Exercise goal => Only the lines of the data below from the one with "(* A balancing" through the one with "apply/orP/idP => [[ab_lt|]" are wanted. Repeat them exactly.

_ _ _

From HB Require Import structures.
From mathcomp Require Import all_boot all_order all_algebra.
From mathcomp Require Import complex.
From mathcomp Require Import Rstruct.
From mathcomp Require Import zify ring lra.
Import Order.TTheory GRing.Theory Num.Theory.
Local Open Scope ring_scope.

(* A balancing step raises a smallest multiplicity and lowers a largest one: it keeps
   A_t.D, which only sees d and sum m_i, and raises chi by m_max - m_min - 1 >= 1.
   A point of multiplicity mu imposes mu(mu+1)/2 linear conditions on the (d+1)(d+2)/2
   coefficients of a plane curve of degree d, so every class with d >= 0 and chi >= 1 is
   effective, whatever the points are.  Hence every class along a balancing path
   competes for chi_max, which bounds the number of steps.  For n <= 17, Cauchy-Schwarz
   (sum m_i)^2 <= n sum m_i^2 together with t^2 > n and 2 A_t.D <= A_t.K gives
   (2d+3)^2 < n + 4 sum (m_i^2 + m_i), i.e. chi <= 1 for every competitor; so
   chi(D) = chi_max = 1, and D is balanced since a balancing step would reach chi >= 2. *)

Fixpoint monomials_below (M : nat) : seq (nat * nat) :=
  if M is M'.+1 then monomials_below M' ++ [seq (i, M' - i)%N | i <- iota 0 M]
  else [::].

Lemma monomials_belowS M :
  monomials_below M.+1 = monomials_below M ++ [seq (i, M - i)%N | i <- iota 0 M.+1].
Proof. by []. Qed.

Lemma size_monomials_below M : (2 * size (monomials_below M) = M * M.+1)%N.
Proof.
by elim: M => [|M IH] //; rewrite monomials_belowS size_cat size_map size_iota; lia.
Qed.

Lemma mem_monomials_below M a b : ((a, b) \in monomials_below M) = (a + b < M)%N.
Proof.
elim: M => [|M IH] //; rewrite monomials_belowS mem_cat IH.
apply/orP/idP => [[ab_lt|] | ab_lt]; first lia.
  by case/mapP => i; rewrite mem_iota => i_le [-> ->]; lia.
have [|ab_eq] := ltnP (a + b) M; [by left | right].
by apply/mapP; exists a; rewrite ?mem_iota; [lia | congr pair; lia].
Qed.

Lemma uniq_monomials_below M : uniq (monomials_below M).
Proof.
elim: M => [|M IH] //; rewrite monomials_belowS cat_uniq IH andTb; apply/andP; split.
  by apply/hasPn => _ /mapP [i _ ->]; rewrite mem_monomials_below; lia.
by rewrite map_inj_uniq ?iota_uniq // => i j [].
Qed.

Lemma exists_nonzero_left_kernel {F : fieldType} {m n} (A : 'M[F]_(m, n)) :
  (n < m)%N -> exists2 v : 'rV_m, v != 0 & v *m A = 0.
Proof.
move=> lt_nm; have : kermx A != 0.
  by rewrite kermx_eq0 /row_free; have := rank_leq_col A; lia.
by case/rowV0Pn => v /sub_kermxP vA v0; exists v.
Qed.

Section PlaneCurves.

Context {F : fieldType}.

(* [mult_ge f ab m] unfolds to [forall i j, i + j < m -> pderiv_at i j ab f = 0]. *)
Definition pderiv_at (i j : nat) (ab : F * F) (f : {poly {poly F}}) : F :=
  ((map_poly (derivn j) (f^`(i))).[ab.2%:P]).[ab.1].

Definition monomial (ij : nat * nat) : {poly {poly F}} := ('X^(ij.2))%:P * 'X^(ij.1).

Lemma pderiv_at_lincomb I (r : seq I) (c : I -> F) (g : I -> {poly {poly F}}) i j ab :
  pderiv_at i j ab (\sum_(a <- r) (c a)%:P%:P * g a) =
  \sum_(a <- r) c a * pderiv_at i j ab (g a).
Proof.
rewrite /pderiv_at raddf_sum raddf_sum !horner_sum; apply: eq_bigr => a _ /=.
rewrite mul_polyC derivnZ.
have -> : map_poly (derivn j) ((c a)%:P *: (g a)^`(i)) =
          (c a)%:P%:P * map_poly (derivn j) (g a)^`(i).
  apply/polyP => l; rewrite coefCM !coef_map_id0 ?linear0 //.
  by rewrite coefZ !mul_polyC derivnZ.
by rewrite !hornerE.
Qed.

Lemma coef_lincomb_monomial {N} (c : 'I_N -> F) (T : seq (nat * nat)) i j :
  ((\sum_(a < N) (c a)%:P%:P * monomial (nth (0, 0)%N T a))`_i)`_j =
  \sum_(a < N) c a * (nth (0, 0)%N T a == (i, j))%:R.
Proof.
rewrite !coef_sum; apply: eq_bigr => a _.
case: (nth _ T a) => k l; rewrite /monomial /= !coefCM coefXn xpair_eqE eq_sym.
by case: (k == i); rewrite /= ?mulr1 ?mulr0 ?coefXn ?coef0 ?mulr0 // eq_sym.
Qed.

_ _ _

Exercise output =>
(* A balancing step raises a smallest multiplicity and lowers a largest one: it keeps
   A_t.D, which only sees d and sum m_i, and raises chi by m_max - m_min - 1 >= 1.
   A point of multiplicity mu imposes mu(mu+1)/2 linear conditions on the (d+1)(d+2)/2
   coefficients of a plane curve of degree d, so every class with d >= 0 and chi >= 1 is
   effective, whatever the points are.  Hence every class along a balancing path
   competes for chi_max, which bounds the number of steps.  For n <= 17, Cauchy-Schwarz
   (sum m_i)^2 <= n sum m_i^2 together with t^2 > n and 2 A_t.D <= A_t.K gives
   (2d+3)^2 < n + 4 sum (m_i^2 + m_i), i.e. chi <= 1 for every competitor; so
   chi(D) = chi_max = 1, and D is balanced since a balancing step would reach chi >= 2. *)

Fixpoint monomials_below (M : nat) : seq (nat * nat) :=
  if M is M'.+1 then monomials_below M' ++ [seq (i, M' - i)%N | i <- iota 0 M]
  else [::].

Lemma monomials_belowS M :
  monomials_below M.+1 = monomials_below M ++ [seq (i, M - i)%N | i <- iota 0 M.+1].
Proof. by []. Qed.

Lemma size_monomials_below M : (2 * size (monomials_below M) = M * M.+1)%N.
Proof.
by elim: M => [|M IH] //; rewrite monomials_belowS size_cat size_map size_iota; lia.
Qed.

Lemma mem_monomials_below M a b : ((a, b) \in monomials_below M) = (a + b < M)%N.
Proof.
elim: M => [|M IH] //; rewrite monomials_belowS mem_cat IH.
apply/orP/idP => [[ab_lt|] | ab_lt]; first lia.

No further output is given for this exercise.